- PROBLEM DETAILS:
Write out the entries below exactly. End with the line that contains "fun j' k' =>".

[Opening INFORMATION section]

(* block diagonal matrices in C^{d n1 x d n2}: rows indexed by (block, row),
   columns by (block, column) *)
Definition bmat (d n : nat) := mat (('I_d * 'I_(n1 n))%type) (('I_d * 'I_(n1 n))%type).
Definition is_block_diag (d n : nat) (Z : bmat d n) : Prop :=
  forall x y, x.1 <> y.1 -> Z x y = C0.

(* \hat G : C^{d x n} -> block diagonal matrices;
   i-th block is G(i-th row of F X) = sum_a (F X)_{i a} G_a *)
Definition Ghat (d n : nat) (X : mat 'I_d 'I_n) : bmat d n :=
  fun x y =>
    if x.1 == y.1 then
      Csum (fun a : 'I_n =>
              Cmul (Csum (fun j : 'I_d => Cmul (DFT x.1 j) (X j a)))
                   (Gmat a x.2 y.2))
    else C0.

Definition Ejk (d n : nat) (j : 'I_d) (k : 'I_n) : mat 'I_d 'I_n :=
  fun j' k' => if (j' == j) && (k' == k) then C1 else C0.

Definition Ghat_jk (d n : nat) (j : 'I_d) (k : 'I_n) : bmat d n := Ghat (Ejk j k).

(* adjoint of \hat G w.r.t. <A,B> = tr(A B^H):
   (\hat G^* B)_{jk} = <B, \hat G_{j,k}> *)
Definition Ghat_adj (d n : nat) (B : bmat d n) : mat 'I_d 'I_n :=
  fun j k => minner B (Ghat_jk j k).

Definition POm (d n : nat) (Om : {set ('I_d * 'I_n)%type}) (X : mat 'I_d 'I_n) : mat 'I_d 'I_n :=
  fun j k => if (j, k) \in Om then X j k else C0.
Lemma S0_boundary_sum_glb x y : S0 x -> S0 y ->
  real (Glb_Rbar (fun e => exists z, cboundary S0 z /\ e = Cmod (x - z) + Cmod (z - y)))
  = Rmin (Cmod (x - reflect_Im 0 y)) (Cmod (x - reflect_Im PI y)).
Proof.
  intros Hx Hy. unfold S0 in Hx, Hy.
  set (E := fun e => exists z, cboundary S0 z /\ e = Cmod (x - z) + Cmod (z - y)).
  assert (Hlow : forall h z, (snd z - h) * (snd y - h) <= 0 ->
            Cmod (x - reflect_Im h y) <= Cmod (x - z) + Cmod (z - y)).
  { intros h z Hz.
    eapply Rle_trans; [| apply Rplus_le_compat_l, (Cmod_sub_reflect_Im_le z y h Hz)].
    replace (x - reflect_Im h y)%C with ((x - z) + (z - reflect_Im h y))%C by ring.
    apply Cmod_triangle. }
  assert (Hattained : forall h, h = 0 \/ h = PI -> 0 < (snd x - h) * (snd y - h) ->
            E (Cmod (x - reflect_Im h y))).
  { intros h Hh Hside.
    destruct (reflect_Im_segment x y h Hside) as [z [Hz Hsum]].
    exists z. split; [apply S0_boundary_of_Im; now rewrite Hz | now rewrite Hsum]. }
  assert (Hglb : is_glb_Rbar E (Rmin (Cmod (x - reflect_Im 0 y)) (Cmod (x - reflect_Im PI y)))).
  { split.
    - intros e [z [Hz ->]]. simpl.
      destruct (S0_boundary_Im z Hz).
      + eapply Rle_trans; [apply Rmin_l | apply Hlow; nra].
      + eapply Rle_trans; [apply Rmin_r | apply Hlow; nra].
    - intros l Hl. apply Rmin_case; apply Hl, Hattained; auto; nra. }
  now rewrite (is_glb_Rbar_unique E _ Hglb).
Qed.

[Closing INFORMATION section]

- PROBLEM SOLUTION:
(* block diagonal matrices in C^{d n1 x d n2}: rows indexed by (block, row),
   columns by (block, column) *)
Definition bmat (d n : nat) := mat (('I_d * 'I_(n1 n))%type) (('I_d * 'I_(n1 n))%type).
Definition is_block_diag (d n : nat) (Z : bmat d n) : Prop :=
  forall x y, x.1 <> y.1 -> Z x y = C0.

(* \hat G : C^{d x n} -> block diagonal matrices;
   i-th block is G(i-th row of F X) = sum_a (F X)_{i a} G_a *)
Definition Ghat (d n : nat) (X : mat 'I_d 'I_n) : bmat d n :=
  fun x y =>
    if x.1 == y.1 then
      Csum (fun a : 'I_n =>
              Cmul (Csum (fun j : 'I_d => Cmul (DFT x.1 j) (X j a)))
                   (Gmat a x.2 y.2))
    else C0.

Definition Ejk (d n : nat) (j : 'I_d) (k : 'I_n) : mat 'I_d 'I_n :=
  fun j' k' => if (j' == j) && (k' == k) then C1 else C0.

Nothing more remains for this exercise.